In Solving for X

No one wants to hear bad news. That’s axiomatic, but the real truth is that no one wants to hear your bad news. It doesn’t matter about the particular bad news, whether it’s your heart attack or you’ve been fired or your mother finally has to be put in a home (although that one’s not quite personal and has a few logistical concerns plenty of other people will have in common, so, as long as the discussion’s confined to nuts-and-bolts issues, you might get away with it, for a while). Once you mention the bad fortune on more than two, at the very most three, occasions, attention will drift. If you fail to recognize early that you are a bore, you will be dismissed.

That’s the hard equation you must accept. In solving for X, you are X, as in Xed out of the picture and X marks the spot, except there is no treasure.

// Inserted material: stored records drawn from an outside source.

Lemma sum_indep_le_local (u : T) (c g : R) :
  (forall S : {set T}, S \subset nbhd e u ->
     1 <= c * (Zpart e S l)^-1 + g * (l * Zderiv e S l / Zpart e S l)) ->
  \sum_(I : {set T} | indep e I) l ^+ #|I| <=
  c * \sum_(I : {set T} | indep e I && [disjoint nbhd e u & I]) l ^+ #|I|
  + g * \sum_(I : {set T} | indep e I) l ^+ #|I| * #|nbhd e u :&: I|%:R.
Proof.
move=> occ; set N := nbhd e u; rewrite -subr_ge0.
pose f (A : {set T}) := c * [disjoint N & A]%:R + g * #|N :&: A|%:R - 1.
have -> : c * \sum_(I : {set T} | indep e I && [disjoint N & I]) l ^+ #|I|
    + g * \sum_(I : {set T} | indep e I) l ^+ #|I| * #|N :&: I|%:R
    - \sum_(I : {set T} | indep e I) l ^+ #|I|
    = \sum_(I : {set T}) (if indep e I then l ^+ #|I| * f I else 0).
  rewrite -big_mkcond big_mkcondr !mulr_sumr -big_split -sumrB /=.
  by apply: eq_bigr => I _; rewrite /f; case: [disjoint N & I] => /=; ring.
rewrite (big_set_disjoint_split N); apply: sumr_ge0 => K dKN.
have [eK|neK] := boolP (indep e K); last first.
  by rewrite big1 // => A _; rewrite (contraNF (indepS (subsetUl K A))).
set S := [set a in N | [forall k in K, ~~ e k a]].
have sSN : S \subset N by apply/subsetP => a; rewrite inE => /andP[].
have indepKA (A : {set T}) : (A \subset N) && indep e (K :|: A) = (A \subset S) && indep e A.
  rewrite indepU // eK /= [indep e A && _]andbC andbA; congr (_ && _).
  apply/andP/idP => [[sAN cross] | sAS]; last first.
    split; first exact: subset_trans sAS sSN.
    apply/forall_inP => k kK; apply/forall_inP => a /(subsetP sAS).
    by rewrite inE => /andP[_ /forall_inP]; apply.
  apply/subsetP => a aA; rewrite inE (subsetP sAN) //=.
  by apply/forall_inP => k kK; exact: forall_inP (forall_inP cross k kK) a aA.
have NKA (A : {set T}) : A \subset N -> N :&: (K :|: A) = A.
  by move=> sAN; rewrite setIUr setIC (disjoint_setI0 dKN) set0U; apply/setIidPr.
have cardKA (A : {set T}) : A \subset N -> #|K :|: A| = (#|K| + #|A|)%N.
  move=> sAN; rewrite cardsU (disjoint_setI0 (disjointWr sAN dKN)) cards0 subn0 //.
rewrite -big_mkcondr; under eq_bigl => A do rewrite indepKA.
rewrite (eq_bigr (fun A : {set T} =>
    l ^+ #|K| * (l ^+ #|A| * (c * (A == set0)%:R + g * #|A|%:R - 1)))).
  rewrite -mulr_sumr mulr_ge0 ?exprn_ge0 ?(ltW l_gt0) //; exact: occupancy_sum_ge0 (occ S sSN).
move=> A /andP[sAS _]; have sAN := subset_trans sAS sSN.
by rewrite /f -setI_eq0 NKA // cardKA // exprD mulrA.
Qed.

Hypothesis e_irr : irreflexive e.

You’re not allowed to complain. You may not even cite the fact of whatever’s wrong, meaning the simple fact that anything’s wrong. It is your fault, you are to blame, and if it’s not, if you mention it, it might as well be your fault. You deserve it for opening your mouth.

That’s the hard equation you must accept. In solving for X, you are X, as in Xed out of the picture and X marks the spot, except there is no treasure. The X is the target. The designated area is haunted or tainted or corrupted or doomed. Take your pick. It’s a quarantine zone, and you, at its center, are the source of all the ill radiating outward.

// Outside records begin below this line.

Lemma omulDr x y z : z ** (x + y) = z ** x + z ** y.
Proof. coords x; coords y; coords z; oct_ring. Qed.
Lemma omulZl (c : F) x y : (c *: x) ** y = c *: (x ** y).
Proof. coords x; coords y; oct_ring. Qed.
Lemma omulZr (c : F) x y : x ** (c *: y) = c *: (x ** y).
Proof. coords x; coords y; oct_ring. Qed.
Lemma omul1r x : x ** one = x.
Proof. coords x; oct_ring. Qed.
Lemma omulNl x y : (- x) ** y = - (x ** y).
Proof. coords x; coords y; oct_ring. Qed.
Lemma omulNr x y : x ** (- y) = - (x ** y).
Proof. coords x; coords y; oct_ring. Qed.
Lemma omul0r x : x ** 0 = 0.
Proof. coords x; oct_ring. Qed.
Lemma obilC x y : obil x y = obil y x.
Proof. coords x; coords y; unfold_octonions; ring. Qed.
Lemma obilDl x y z : obil (x + y) z = obil x z + obil y z.
Proof. coords x; coords y; coords z; unfold_octonions; ring. Qed.
Lemma obilZl (c : F) x y : obil (c *: x) y = c * obil x y.
Proof. coords x; coords y; unfold_octonions; ring. Qed.
Lemma obilDr x y z : obil z (x + y) = obil z x + obil z y.
Proof. by rewrite obilC obilDl !(obilC z). Qed.
Lemma obilZr (c : F) x y : obil y (c *: x) = c * obil y x.
Proof. by rewrite obilC obilZl obilC. Qed.
Lemma obil1l x : obil one x = ore x.
Proof. coords x; unfold_octonions; ring. Qed.
Lemma oreD x y : ore (x + y) = ore x + ore y. Proof. by []. Qed.
Lemma oreZ (c : F) x : ore (c *: x) = c * ore x. Proof. by []. Qed.
Lemma ore1 : ore one = 1. Proof. by []. Qed.

Lemma onorm_lin2 (a b : F) u v :
  onorm (a *: u + b *: v) = a ^+ 2 * onorm u + 2 * a * b * obil u v + b ^+ 2 * onorm v.
Proof. coords u; coords v; unfold_octonions; ring. Qed.
Lemma onormZ (c : F) x : onorm (c *: x) = c ^+ 2 * onorm x.
Proof. coords x; unfold_octonions; ring. Qed.
Lemma onormM x y : onorm (x ** y) = onorm x * onorm y.
Proof. coords x; coords y; unfold_octonions; ring. Qed.
Lemma obil_mull x y : obil (x ** y) x = onorm x * ore y.
Proof. coords x; coords y; unfold_octonions; ring. Qed.
Lemma obil_mulr x y : obil (x ** y) y = onorm y * ore x.
Proof. coords x; coords y; unfold_octonions; ring. Qed.

Lemma conj_imag x : ore x = 0 -> oconj x = - x.
Proof. move=> hx; imag_coords x hx; oct_ring. Qed.
Lemma sq_imag x : ore x = 0 -> x ** x = (- onorm x) *: one.
Proof. move=> hx; imag_coords x hx; oct_ring. Qed.
Lemma left_alt_imag x z : ore x = 0 -> x ** (x ** z) = (- onorm x) *: z.
Proof. move=> hx; imag_coords x hx; coords z; oct_ring. Qed.
Lemma anticomm_imag x y : ore x = 0 -> ore y = 0 ->
  x ** y + y ** x = (- (2 * obil x y)) *: one.
Proof. move=> hx hy; imag_coords x hx; imag_coords y hy; oct_ring. Qed.
Lemma ore_mul_imag x y : ore x = 0 -> ore y = 0 -> ore (x ** y) = - obil x y.
Proof. move=> hx hy; imag_coords x hx; imag_coords y hy; unfold_octonions; ring. Qed.

Lemma polar_left_alt u v z : oconj u ** (v ** z) + oconj v ** (u ** z) = (2 * obil u v) *: z.
Proof. coords u; coords v; coords z; oct_ring. Qed.

Definition basis8 (i : nat) : A8 F :=
  (((i == 0%N)%:R, (i == 1%N)%:R, ((i == 2%N)%:R, (i == 3%N)%:R)),
   ((i == 4%N)%:R, (i == 5%N)%:R, ((i == 6%N)%:R, (i == 7%N)%:R))).

(* For nonzero al, be, ga the polar form is nondegenerate (it is diagonal in basis8). *)
Lemma obil_nondeg (hal : al != 0) (hbe : be != 0) (hga : ga != 0) w :
  (forall v, obil w v = 0) -> w = 0.
Proof.
move=> hw; have := hw (basis8 0); have := hw (basis8 1); have := hw (basis8 2);
have := hw (basis8 3); have := hw (basis8 4); have := hw (basis8 5);
have := hw (basis8 6); have := hw (basis8 7).
clear hw; coords w; unfold_octonions; rewrite /basis8 /=.
rewrite !(mul0r, mulr0, mul1r, mulr1, subr0, sub0r, addr0, add0r, oppr0, opprK, mulrN, mulNr).
move=> /eqP h7 /eqP h6 /eqP h5 /eqP h4 /eqP h3 /eqP h2 /eqP h1 /eqP h0.
rewrite !oppr_eq0 !mulf_eq0 (negbTE hal) (negbTE hbe) (negbTE hga) /= in h1 h2 h3 h4 h5 h6 h7.
by apply: eq8; apply/eqP.
Qed.

Lemma onorm0 : onorm 0 = 0.
Proof. unfold_octonions; ring. Qed.
Lemma onormE x : obil x x = onorm x. Proof. by []. Qed.
Lemma obil0l x : obil 0 x = 0.
Proof. by rewrite -(scale0r (0 : A8 F)) obilZl mul0r. Qed.

(* From here on only the identities above are used; opacity keeps simplification
   from expanding the coordinate formulas. *)
Opaque omul oconj obil onorm.

Lemma one_neq0 : one != 0.
Proof. by apply/eqP => /(congr1 ore); rewrite ore1 => /eqP; rewrite oner_eq0. Qed.

(* An imaginary element is nilpotent exactly when its norm vanishes, by x(xz) = -N(x) z. *)
Lemma opow_imag x n : ore x = 0 -> opow al be ga x n.+2 = (- onorm x) *: opow al be ga x n.
Proof. by move=> hx; rewrite /opow !iterS left_alt_imag. Qed.

Lemma nilpotent_imagP x : ore x = 0 -> nilpotent al be ga x <-> onorm x = 0.
Proof.
move=> hx; split=> [[n hn] | hx0]; last by exists 2%N; rewrite opow_imag // hx0 oppr0 scale0r.
apply/eqP; apply: contraLR (introT eqP hn) => hnx.
suff pow_neq0 : forall m, opow al be ga x m != 0 /\ opow al be ga x m.+1 != 0.
  by case: (pow_neq0 n).
elim=> [|m [ih0 ih1]]; first by rewrite /opow /= omul1r one_neq0; split=> //;
  apply: contraNneq hnx => ->; rewrite onorm0.
by split=> //; rewrite opow_imag // scaler_eq0 negb_or oppr_eq0 hnx ih0.
Qed.

Lemma annihilator_step u v z : ore u = 0 -> u ** z = 0 ->
  u ** (v ** z) = (- (2 * obil u v)) *: z.
Proof.
move=> hu hz; apply/eqP.
by rewrite scaleNr -polar_left_alt hz omul0r addr0 conj_imag // omulNl opprK.
Qed.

It’s not simply that friends or colleagues will shun you. Your family, too, will write you off. Shirt-tail relations, if they hear, will not care because you’ve never concerned them, but if there are factions in those outer, familial ruins, you’ll be proof to one side of the other side’s worthlessness if not disgrace. Closer in — among aunts, uncles, and cousins — your case will engender harder, more personal disapproval. Siblings will hate you. Parents will stand up for you out of duty, but a spouse, who will hang on the longest, also will turn the hardest if you don’t stop whining and get on with your life.

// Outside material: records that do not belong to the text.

(* Let $n=p_1p_2\cdots p_r$, where $r\geq 3$ and $p_1<p_2<\cdots<p_r$ are primes. Then $$\delta(\mathcal{P}(C_n))=\min\{\deg(p_sp_{s+1}\cdots p_r) : 2\leq s\leq r\}.$$
   Context: For a finite group $G$, the power graph $\mathcal{P}(G)$ is the simple undirected graph with vertex set $G$ in which two distinct vertices are adjacent if one is an integral power of the other. $C_n$ denotes the cyclic group of order $n$, identified with $\mathbb{Z}_n=\{0,1,\ldots,n-1\}$, so a positive divisor $d<n$ of $n$ is regarded as the element $d\in\mathbb{Z}_n$. $\deg(a)$ is the degree of vertex $a$ in $\mathcal{P}(C_n)$ and $\delta$ denotes minimum degree. *)

From mathcomp Require Import all_boot.
Set Implicit Arguments. Unset Strict Implicit. Unset Printing Implicit Defensive.

(* The cyclic group C_n is Z_n = {0,...,n-1} with addition mod n.
   The integral powers of a in C_n (additively) are the multiples k*a mod n,
   k an integer; since k only matters mod n, k ranges over 0..n-1. *)
Definition is_power (n a b : nat) : bool :=
  [exists k : 'I_n, b == (k * a) %% n].

Definition pg_adj (n a b : nat) : bool :=
  (a != b) && (is_power n a b || is_power n b a).

Definition pg_deg (n a : nat) : nat :=
  #|[set b : 'I_n | pg_adj n (a %% n) (val b)]|.

(* Minimum degree of P(C_n) (n >= 1); n is an upper bound for all degrees. *)
Definition pg_mindeg (n : nat) : nat :=
  \big[minn/n]_(a < n) pg_deg n a.

From mathcomp Require Import all_boot zify.
Set Implicit Arguments. Unset Strict Implicit.

(* An element a of Z_n of order m (so gcd(a, n) = n/m) is adjacent to the
   m - 1 other elements of <a> and to the (n/m - 1) phi(m) elements b outside
   <a> with a in <b>.  Since n is squarefree this gives
     deg(a) = (m - 1) + (n/m - 1) phi(m)   (pg_deg_order),
   a function deg_of_order n m of the order alone.

   For a divisor m of n with k prime factors, pairing the i-th smallest prime
   of m with p_i shows that the prefix product D = p_1 ... p_k is
   "totient-smaller" than m: phi(D) <= phi(m), D - phi(D) <= m - phi(m) and
   phi(D)/D <= phi(m)/m (divisor_totient_smaller); this forces
   deg_of_order n D <= deg_of_order n m (deg_of_order_smaller).  So the minimum
   degree is attained at an order p_1 ... p_k.  The orders 1 and n (k = 0, r)
   give degree n - 1, which is beaten by the order p_1, and for 1 <= k < r the
   element p_(k+1) ... p_r has order p_1 ... p_k (suffix_deg), which yields the
   formula. *)

Lemma card_ord_count n (Q : pred nat) :
  #|[set b : 'I_n | Q (val b)]| = count Q (iota 0 n).
Proof.
rewrite cardsE cardE -val_enum_ord count_map /enum_mem size_filter.
by rewrite (@eq_filter _ _ predT) // filter_predT.
Qed.

Lemma totient_count m : totient m = count (coprime m) (iota 0 m).
Proof. by rewrite totient_count_coprime -sumn_count sumnE big_map /index_iota subn0. Qed.

Lemma totient_le m : totient m <= m.
Proof. by rewrite totient_count; apply: leq_trans (count_size _ _) _; rewrite size_iota. Qed.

So, to review, one or two mentions at most. Sympathy will be yours, but only of the mildest sort. Keep your misery to yourself. Let it fester. With luck and, yes, diligence, you’ll forget about it or it will go away. If it’s part of your daily or even occasional conversation, you won’t be party to many conversations at all. You’ll be buying those doughnut packs and chocolate milk cartons with your spare quarters and sitting at a far table by yourself or beside the accounting drone who smacks his lips and looks sideways every time he tries to talk, which is all too often. Check with anyone who’s been stuck with the guy in an elevator. He’ll tell you his life in two-minute bursts.

It’s just like your own. No wonder he’s scared.